Currently, algorithms are used to make life-altering financial and legal decisions like who gets a job, what medical treatment people receive, and who gets granted parole. In theory, this should lead to fairer decision making. In reality, AI tech can be just as biased as the humans who create it.
We are living in the age of the algorithm. More and more we are handing decision making over to mathematical models. It’s becoming increasingly common that algorithms make life-altering decisions for us. Mathematics is being used to determine whether or not we qualify for a loan, where we are educated, and even how much we should pay for health insurance.
Algorithms ensure that certain rules and constraints are set and everyone gets judged in accordance. In theory, bias is removed from the equation. In theory, algorithms should enhance equality. In reality, this isn’t the case.
The mathematical models that are reshaping our lives are opaque. Algorithms could be used to conceal hidden bias that comes into play in making vital decisions. Very real problems like racism and sexism are seeping into data sets used to program algorithms. These issues that exist in our current society could reak even more havoc if let go disguised as an algorithm that is deemed ‘fair’ without question.
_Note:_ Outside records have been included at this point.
Theorem lemma5p12 (F : fieldType) (q : F)
  (hq0 : q != 0) (hq : forall n : nat, (0 < n)%N -> q ^+ n != 1) :
  let X := vword F [:: lx] in
  let Y := vword F [:: ly] in
  let star := vstar q in
  let comm := qcommute q in
  (* (i) *)
  ((forall k l : nat, comm (vword F (Wneg k)) (vword F (Wneg l))) /\
   (forall k l : nat, comm (vword F (Wpos k)) (vword F (Wpos l))) /\
   (forall k l : nat, comm (vword F (Gw k)) (vword F (Gw l))) /\
   (forall k l : nat, comm (vword F (Gtw k)) (vword F (Gtw l)))) /\
  (* (ii) *)
  (forall w : word, alternating w ->
     ((exists k : nat, w = Wneg k) <-> comm (vword F w) X)) /\
  (* (iii) *)
  (forall w : word, alternating w ->
     ((exists k : nat, w = Wpos k) <-> comm (vword F w) Y)) /\
  (* (iv) *)
  (forall w : word, alternating w ->
     ((exists k : nat, w = Gw k) <->
      comm (vword F w) (vadd (vscale q (star Y X)) (vscale (- q^-1) (star X Y))))) /\
  (* (v) *)
  (forall w : word, alternating w ->
     ((exists k : nat, w = Gtw k) <->
      comm (vword F w) (vadd (vscale q (star X Y)) (vscale (- q^-1) (star Y X))))).
Proof.
move=> X Y star comm.
split; first by split; [|split; [|split]] => k l; apply/qcommute_vword;
  [exact: Wneg_commute | exact: Wpos_commute | exact: Gw_commute | exact: Gtw_commute].
split; [|split; [|split]] => w aw.
- exact: iff_trans (alternating_commute_x hq0 hq aw) (iff_sym (qcommute_vword q w [:: lx])).
- exact: iff_trans (alternating_commute_y hq0 hq aw) (iff_sym (qcommute_vword q w [:: ly])).
- exact: iff_trans (alternating_commute_yx hq0 hq aw) (iff_sym (qcommute_qcommutator hq0 hq w ly)).
- exact: iff_trans (alternating_commute_xy hq0 hq aw) (iff_sym (qcommute_qcommutator hq0 hq w lx)).
Qed.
As the technology spreads to areas like medicine and law, bias in machine learning is becoming critical. The problem is that people don’t fully understand the technicalities behind artificial intelligence (AI). And no one is going to argue with maths, right?
How Does AI Tech Work?
“Artificial Intelligence” is a broad term that encompasses all types of machine learning. Although there are many different ways computers can learn, generally speaking, they are all based on algorithms.
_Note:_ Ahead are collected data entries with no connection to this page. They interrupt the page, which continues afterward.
Lemma graft_inj j j' i i' : j < 4 -> j' < 4 -> graft j i = graft j' i' -> j = j' /\ i = i'.
Proof.
move=> j4 j'4 E.
have dE : depth i = depth i'.
  by apply/succn_inj/succn_inj; rewrite -(depth_graft i j4) -(depth_graft i' j'4) E.
move: E; rewrite /graft -dE; have := depthP i; have := depthP i'; rewrite -dE expnS.
set p := 2 ^ depth i => /andP [h1 h2] /andP [h3 h4].
move: j4 j'4; case: j => [|[|[|[|//]]]]; case: j' => [|[|[|[|//]]]] _ _ E; lia.
Qed.

Lemma depth_leq i d : (depth i <= d) = (i.+1 < 2 ^ d.+1).
Proof.
have /andP [lo hi] := depthP i; apply/idP/idP => [le|lt].
  by apply: leq_trans hi _; rewrite leq_exp2l.
by rewrite -ltnS -(ltn_exp2l _ _ (isT : 1 < 2)); apply: leq_ltn_trans lt.
Qed.

Lemma graft_lt n j i : j < 4 -> ((graft j i).+1 < 8 * nleaves n) = (i.+1 < 2 * nleaves n).
Proof.
move=> j4; have E2 : 2 * nleaves n = 2 ^ (2 * n).+1 by rewrite expnS.
have E8 : 8 * nleaves n = 2 ^ (2 * n).+3 by rewrite !expnS !mulnA.
by rewrite E2 E8 -!depth_leq depth_graft.
Qed.

Lemma depth_leaf n k : k < nleaves n -> depth (nleaves n - 1 + k) = 2 * n.
Proof.
move=> kP; apply: depth_eq; have := nleaves_gt0 n.
by rewrite expnS -/(nleaves n); lia.
Qed.

Lemma graft_leaf n j k : k < nleaves n ->
  graft j (nleaves n - 1 + k) = 4 * nleaves n - 1 + (j * nleaves n + k).
Proof.
move=> kP; rewrite /graft depth_leaf // -/(nleaves n); have := nleaves_gt0 n; nia.
Qed.

Lemma graft_leafP n j i k' : j < 4 -> k' < 4 * nleaves n ->
  graft j i = 4 * nleaves n - 1 + k' ->
  exists2 k, k < nleaves n & i = nleaves n - 1 + k /\ k' = j * nleaves n + k.
Proof.
move=> j4 k'lt E; have P0 := nleaves_gt0 n.
have : depth (graft j i) = (2 * n.+1) by rewrite E -nleavesS depth_leaf // nleavesS.
rewrite depth_graft // mulnS => -[dE].
have /andP [lo hi] := depthP i; rewrite dE expnS -/(nleaves n) in lo hi.
exists (i.+1 - nleaves n); first lia.
have iE : i = nleaves n - 1 + (i.+1 - nleaves n) by lia.
by split=> //; move: E; rewrite {1}iE graft_leaf; lia.
Qed.

Lemma graft_surj n m : 3 <= m -> m.+1 < 8 * nleaves n ->
  exists j i, [/\ j < 4, i.+1 < 2 * nleaves n & m = graft j i].
Proof.
move=> m3 mlt; have := depthP m; have : 2 <= depth m by rewrite ltnNge depth_leq; lia.
move: (depth m) => D D2; rewrite -(subnKC D2) !expnS; set p := 2 ^ (D - 2) => /andP [lo hi].
have p0 : 0 < p by rewrite expn_gt0.
have mE := divn_eq m.+1 p; have rlt := ltn_pmod m.+1 p0.
set q := m.+1 %/ p in mE; set rm := m.+1 %% p in mE rlt.
have q4 : 4 <= q < 8 by apply/andP; split; nia.
have j4 : q - 4 < 4 by lia.
have di : depth (rm + p - 1) = D - 2 by apply: depth_eq; rewrite expnS -/p; lia.
have mG : m = graft (q - 4) (rm + p - 1) by rewrite /graft di -/p; nia.
by exists (q - 4), (rm + p - 1); rewrite -(graft_lt n _ j4) -mG.
Qed.

Lemma tree_childP i m : reflect (exists2 c, c < 2 & m = (i.*2 + c).+1) (tree_child i m).
Proof.
apply: (iffP orP) => [[] /eqP ->|[[|[|//]] _ ->]].
- by exists 0; rewrite ?addn0.
- by exists 1; rewrite ?addn1.
- by left; rewrite addn0.
- by right; rewrite addn1.
Qed.

Lemma tree_child_graft j i i' : tree_child i i' -> tree_child (graft j i) (graft j i').
Proof.
by case/tree_childP => c c2 ->; apply/tree_childP; exists c; rewrite ?graft_child ?addnS.
Qed.

Lemma graft_tree_child j i m : tree_child (graft j i) m ->
  exists2 c, c < 2 & m = graft j (i.*2 + c).+1.
Proof. by case/tree_childP => c c2 ->; exists c; rewrite ?graft_child ?addnS. Qed.

Lemma graft_tree_parent j i m : j < 4 -> tree_child m (graft j i) ->
  (i = 0 /\ m = (j./2).+1) \/ exists2 q, m = graft j q & tree_child q i.
Proof.
move=> j4 /tree_childP [c c2 E]; case: i E => [|i] E.
  by left; split=> //; move: E j4 c2; rewrite graft0; case: j => [|[|[|[|//]]]] /=; lia.
have iE : i.+1 = (i./2.*2 + odd i).+1 by rewrite addnC odd_double_half.
right; exists i./2; last by apply/tree_childP; exists (odd i); [case: odd|].
move: E; rewrite iE graft_child; [lia | by case: odd].
Qed.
On the most basic level, computers are given enough input so that they can identify patterns in the data. The identified patterns are then used by the machine to make decisions about a new but similar input. Although the input has never been seen before, the machine is capable of making what we could call an ‘educated guess’ on the basis of the patterns it has learned.
The more data the AI system processes, the more patterns it forms. In other words, the links between inputs and outputs are improved.
Humans decide what data the AI system gets to process and program the way it responds. This means that the feedback an AI can provide is human selected.
Do We Place Too much trust in AI Tech?
Maybe it’s because for the average layperson AI tech is something futuristic and complicated, but it seems that our approach towards these systems has been “innocent until proven guilty”. We have deemed AI systems unbiased until proven otherwise.
An example of an algorithm that most of us come across every day is the one that selects what appears on our Facebook newsfeeds. We don’t know why certain posts or articles are being pushed to the top and we don’t have a clue as to how to figure out how.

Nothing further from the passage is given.